About Gary Wald
Gary’s career includes stints with major advertising agencies (Ogilvy & Mather, Grey), consulting firms (Luminant) and Fortune 500 marketers (NBC, GTE/Verizon, Medtronic). He is adept at launching and building new brands and new companies. His expertise includes growing revenues and profits, customer acquisition, business development initiatives, and strategic alliance partnerships.
Prior to becoming the CEO of The TeleDentists, he was a co-founder and EVP of Teladoc Health where he helped build that company into a leading telemedicine services provider.

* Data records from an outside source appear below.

Theorem mainTheorem7 (N : nat) (rho : R) :
  (16 <= N)%nat -> 2 / 3 <= rho < 1 ->
  forall K : R -> R, is_flat_kernel N rho K ->
  exists C : R, forall I : R -> Prop, is_interval I ->
    forall K0 : nat, sigma_partial N K I K0 <= C * omega_hat N I.
Proof.
  intros HN Hrho K HK; exists (512 / 15); intros I HI K0.
  apply (Rle_cv_lim (Un := fun n => sigma_approx N K I K0 (n + S K0))
                    (Vn := fun n => 512 / 15 * cyl_integral N (n + S K0) I (fun _ => 1) 0 0)).
  - intros n; apply (sigma_approx_le N HN rho); auto; lia.
  - apply CV_shift', (sigma_approx_cv N HN rho K I K0 Hrho HK).
  - apply Un_cv_scal, (CV_shift' (fun n => cyl_integral N n I (fun _ => 1) 0 0)), omega_hat_cv, HN.
Qed.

Gary earned an MBA in Marketing from Northwestern University.
About Dr. Maria Kunstadter
Dr. Kunstadter graduated from U.M.K.C Dental School. While there, she co-founded the U.M.K.C Dental Outreach Program. The program has taken students, faculty and alumni to third world countries to provide dental care for 25 years. Dr. Kunstadter has led and participated in over 24 medical mission trips worldwide since 1982.
Dr. Kunstadter has been in private practice of dentistry for over 30 years. In 2001, she co-founded The Smile Salon, the Midwest’s first Dental Spa. In 2004, she was designated an “Innovator “by the Invisalign Corporation. In 2008, she achieved the designation of Elite Preferred Provider with Invisalign, which is awarded to only 1% of Invisalign providers in the world. Dr. Kunstadter was the first woman dentist to be awarded this honor. She is an international speaker with Invisalign and continued to receive Elite Status during her tenure at the Smile Salon.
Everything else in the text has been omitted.